Investigators Seek To Exhume Body of Alex Murdaugh’s Longtime Housekeeper

Gloria Satterfield allegedly died after a fall on the steps of a Murdaugh home.

South Carolina investigators have asked permission to exhume the body of disgraced attorney Alex Murdaugh’s longtime housekeeper, who died after alleged falling down the stairs at the Murdaughs’ Colleton County home four years ago.

Ronnie Richter, an attorney for the family of Gloria Satterfield, told WCBD that the family is considering the request from the South Carolina Law Enforcement Division (SLED).

Investigators want to conduct an autopsy, which was not done in 2018 when Satterfield’s death was listed as natural.

Members of the Murdaugh family made multiple 911 calls when Satterfield fell, telling dispatchers that she tripped while walking up the stairs and fell, striking her head.
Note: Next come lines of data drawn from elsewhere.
Definition cos_A (e : R) : R := 1 / sqrt (2 * (1 + center_CA e * center_CA e)).
Definition cos_B (e : R) : R := 1 / sqrt (2 * (1 + (center_BC e - 2) * (center_BC e - 2))).
Definition cos_C (e : R) : R :=
  (center_CA e - 2) * center_BC e /
  sqrt ((e + (center_CA e - 2) * (center_CA e - 2)) * (/ e + center_BC e * center_BC e)).

(* Angle sum of the triangle (0,0,0), (2,2,0), (0,2,s) as a function of e = exp (2 s). *)
Definition angle_sum_profile (e : R) : R := acos (cos_A e) + acos (cos_B e) + acos (cos_C e).

Lemma sol_angle_at_A c :
  sol_angle (Pt 0 0 0) (Pt 1 1 0) (Pt 0 1 c) = acos (1 / sqrt (2 * (1 + c * c))).
Proof.
  unfold sol_angle, sol_metric; simpl.
  rewrite (Rmult_0_r 2), Ropp_0, exp_0.
  f_equal. f_equal; [ring | f_equal; ring].
Qed.

Lemma sol_angle_at_B c :
  sol_angle (Pt 2 2 0) (Pt (-1) 0 (c - 2)) (Pt (-1) (-1) 0) =
  acos (1 / sqrt (2 * (1 + (c - 2) * (c - 2)))).
Proof.
  unfold sol_angle, sol_metric; simpl.
  rewrite (Rmult_0_r 2), Ropp_0, exp_0.
  f_equal. f_equal; [ring | f_equal; ring].
Qed.

Lemma sol_angle_at_C s a b :
  sol_angle (Pt 0 2 s) (Pt 0 (- exp (2 * s)) (2 - a)) (Pt (/ exp (2 * s)) 0 (- b)) =
  acos ((a - 2) * b / sqrt ((exp (2 * s) + (a - 2) * (a - 2)) * (/ exp (2 * s) + b * b))).
Proof.
  unfold sol_angle, sol_metric; simpl. rewrite exp_Ropp.
  assert (He := exp_pos (2 * s)).
  f_equal. f_equal; [field | f_equal; f_equal; field]; lra.
Qed.

Section Family.

Variables (s k l : R) (cCA c : curve).
Hypotheses (Hk : k < 0) (Hl : l < 0).
Hypothesis SCA : geod_segment cCA (Pt 0 2 s) (Pt 0 0 0).
Hypothesis OCA : circle_ode cCA k (center_CA (exp (2 * s))).
(* The side BC is [swap_curve c], with c running in the plane x = 2. *)
Hypothesis Sc : geod_segment c (Pt 2 2 0) (Pt 2 0 (- s)).
Hypothesis Oc : circle_ode c l (center_BC (exp (2 * s))).

Lemma family_geod_triangle :
  geod_triangle (Pt 0 0 0) (Pt 2 2 0) (Pt 0 2 s) diagonal (swap_curve c) cCA.
Proof.
  split; [|split; [|split]].
  - apply not_on_common_geodesic; simpl; try lra.
    intros E. injection E. lra.
  - split; [apply is_geodesic_diagonal|].
    unfold cpt; simpl. split; f_equal; ring.
  - pose proof (geod_segment_swap _ _ _ Sc) as SBC. unfold swap_pt in SBC; simpl in SBC.
    now rewrite Ropp_0, Ropp_involutive in SBC.
  - exact SCA.
Qed.

Lemma family_angle_sum :
  angle_sum (Pt 0 0 0) (Pt 2 2 0) (Pt 0 2 s) diagonal (swap_curve c) cCA =
  angle_sum_profile (exp (2 * s)).
Proof.
  destruct SCA as [_ [CA0 CA1]]. injection CA0 as _ yCA0 zCA0. injection CA1 as _ yCA1 zCA1.
  destruct Sc as [_ [C0 C1]]. injection C0 as _ y0 z0. injection C1 as _ y1 z1.
  unfold angle_sum, angle_sum_profile.
  rewrite !velocity_diagonal, !velocity_swap, !(velocity_circle_ode _ _ _ OCA),
    !(velocity_circle_ode _ _ _ Oc), yCA0, zCA0, yCA1, zCA1, y0, z0, y1, z1.
  rewrite (Rmult_0_r 2), exp_0.
  f_equal; [f_equal|].
  - unfold cos_A. rewrite <- sol_angle_at_A, <- (sol_angle_vscale _ 2 (- k) (Pt 1 1 0)) by lra.
    unfold vscale, opp_vec; simpl. f_equal; f_equal; ring.
  - unfold cos_B. rewrite <- sol_angle_at_B, <- (sol_angle_vscale _ (- l) 2 (Pt (-1) 0 _)) by lra.
    unfold vscale, opp_vec, swap_pt; simpl. f_equal; f_equal; ring.
  - unfold cos_C. rewrite <- sol_angle_at_C, <- (sol_angle_vscale _ (- k) (- l) (Pt 0 _ _)) by lra.
    unfold vscale, opp_vec, swap_pt; simpl.
    replace (2 * - s) with (- (2 * s)) by ring. rewrite exp_Ropp.
    f_equal; f_equal; ring.
Qed.

End Family.

Lemma triangle_family s : exists cAB cBC cCA,
  geod_triangle (Pt 0 0 0) (Pt 2 2 0) (Pt 0 2 s) cAB cBC cCA /\
  angle_sum (Pt 0 0 0) (Pt 2 2 0) (Pt 0 2 s) cAB cBC cCA = angle_sum_profile (exp (2 * s)).
Proof.
  destruct (vertical_segment 0 2 s 0 0 ltac:(lra)) as [cCA [k [Hk [SCA OCA]]]].
  destruct (vertical_segment 2 2 0 0 (- s) ltac:(lra)) as [c [l [Hl [Sc Oc]]]].
  rewrite circle_center_CA in OCA. rewrite circle_center_BC in Oc.
  exists diagonal, (swap_curve c), cCA.
  split; [apply family_geod_triangle | apply (family_angle_sum _ k l)]; assumption.
Qed.

Lemma cos_A_bound e : -1 < cos_A e < 1.
Proof. apply div_sqrt_bound. set (c := center_CA e). nra. Qed.

Lemma cos_B_bound e : -1 < cos_B e < 1.
Proof. apply div_sqrt_bound. set (c := center_BC e - 2). nra. Qed.

Lemma cos_C_bound e : 0 < e -> -1 < cos_C e < 1.
Proof.
  intros He. apply div_sqrt_bound.
  set (P := center_CA e - 2). set (Q := center_BC e).
  assert (0 < / e) by (apply Rinv_0_lt_compat; assumption).
  replace ((e + P * P) * (/ e + Q * Q)) with (1 + e * (Q * Q) + P * P * / e + P * Q * (P * Q))
    by (field; lra).
  assert (0 <= e * (Q * Q)) by nra. assert (0 <= P * P * / e) by nra.
  lra.
Qed.

Lemma angle_sum_profile_continuous e : 0 < e -> continuity_pt angle_sum_profile e.
Proof.
  intros He. assert (0 < / e) by (apply Rinv_0_lt_compat; assumption).
  unfold angle_sum_profile.
  apply continuity_pt_plus; [apply continuity_pt_plus|]; apply continuity_pt_acos_comp;
    auto using cos_A_bound, cos_B_bound, cos_C_bound.
  all: unfold cos_A, cos_B, cos_C, center_CA, center_BC; auto_derive.
  all: repeat split; try apply Rgt_not_eq, sqrt_lt_R0; try lra.
  all: apply Rmult_lt_0_compat; nra.
Qed.

Lemma angle_sum_profile_1 : angle_sum_profile 1 = 4 * PI / 3.
Proof.
  unfold angle_sum_profile, cos_A, cos_B, cos_C, center_CA, center_BC.
  rewrite Rinv_1.
  replace ((3 + 1) / 4) with 1 by field. replace ((5 - 1) / 4) with 1 by field.
  replace (2 * (1 + 1 * 1)) with (2 * 2) by ring.
  replace (2 * (1 + (1 - 2) * (1 - 2))) with (2 * 2) by ring.
  replace ((1 + (1 - 2) * (1 - 2)) * (1 + 1 * 1)) with (2 * 2) by ring.
  rewrite sqrt_square by lra.
  replace ((1 - 2) * 1 / 2) with (- (1 / 2)) by field.
  rewrite acos_opp, acos_half. field.
Qed.

(* As e grows the angles at A, B and C tend to PI / 2, acos (2 sqrt 2 / 5) < PI / 3 and 0. *)
Lemma angle_sum_profile_lt_PI e : 243 < e -> angle_sum_profile e < PI.
Proof.
  intros He. set (f := / e).
  assert (Hf0 : 0 < f) by (apply Rinv_0_lt_compat; lra).
  assert (Hf1 : f < 1 / 243) by (unfold f, Rdiv; rewrite Rmult_1_l; apply Rinv_lt_contravar; lra).
  assert (Hef : e * f = 1) by (unfold f; field; lra).
  assert (A : acos (cos_A e) < PI / 2).
  { rewrite <- acos_0. apply acos_decreasing; [lra | | apply Rlt_le, cos_A_bound].
    apply Rdiv_lt_0_compat; [lra | apply sqrt_lt_R0; set (c := center_CA e); nra]. }
  assert (B : acos (cos_B e) < PI / 3).
  { rewrite <- acos_half. apply acos_decreasing; [lra | | apply Rlt_le, cos_B_bound].
    unfold cos_B, center_BC. fold f. apply lt_div_sqrt; [lra | lra | nra | nra]. }
  assert (C : acos (cos_C e) < PI / 6).
  { rewrite <- acos_sqrt3_half. apply acos_decreasing; [ | | apply Rlt_le, cos_C_bound; lra].
    - pose proof (sqrt_pos 3). lra.
    - unfold cos_C, center_CA, center_BC. fold f.
      set (P := (3 + e) / 4 - 2). set (Q := (5 - f) / 4).
      assert (HP : P = (e - 5) / 4) by (unfold P; field).
      assert (HQ : 1.2 <= Q <= 1.25) by (unfold Q; lra).
      assert (S3 : sqrt 3 / 2 * (sqrt 3 / 2) = 3 / 4)
        by (rewrite <- (sqrt_sqrt 3) at 3 by lra; field).
      apply lt_div_sqrt; [pose proof (sqrt_pos 3); lra | nra | apply Rmult_lt_0_compat; nra |].
      rewrite S3.
      assert (HP2 : 1.05 * (P * P) > 4.71 * e) by (rewrite HP; nra).
      assert (Hfq : f + Q * Q <= 1.567) by nra.
      assert (X1 : (e + P * P) * (f + Q * Q) <= (e + P * P) * 1.567)
        by (apply Rmult_le_compat_l; nra).
      assert (X2 : 1.44 * (P * P) <= Q * Q * (P * P)) by (apply Rmult_le_compat_r; nra).
      nra. }
  unfold angle_sum_profile. lra.
Qed.

Lemma angle_sum_profile_eq_PI : exists e, 0 < e /\ angle_sum_profile e = PI.
Proof.
  pose proof exp_10_gt_243. pose proof PI_RGT_0.
  destruct (IVT_interv (fun e => PI - angle_sum_profile e) 1 (exp 10)) as [e [He Hroot]].
  - intros e He. apply continuity_pt_minus; [apply continuity_pt_const; now intros ? ? |].
    apply angle_sum_profile_continuous. lra.
  - lra.
  - rewrite angle_sum_profile_1. lra.
  - pose proof (angle_sum_profile_lt_PI (exp 10)). lra.
  - exists e. split; lra.
Qed.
Satterfield was in a hospital for several weeks before she died from her injuries.

“You know that part of it makes sense,” said Richter. “She had a terrible fall, a significant brain injury, a long hospitalization, and the death that follows. You know that sequence of events makes sense. But again, I guess there are still some questions about exactly how she fell that day.”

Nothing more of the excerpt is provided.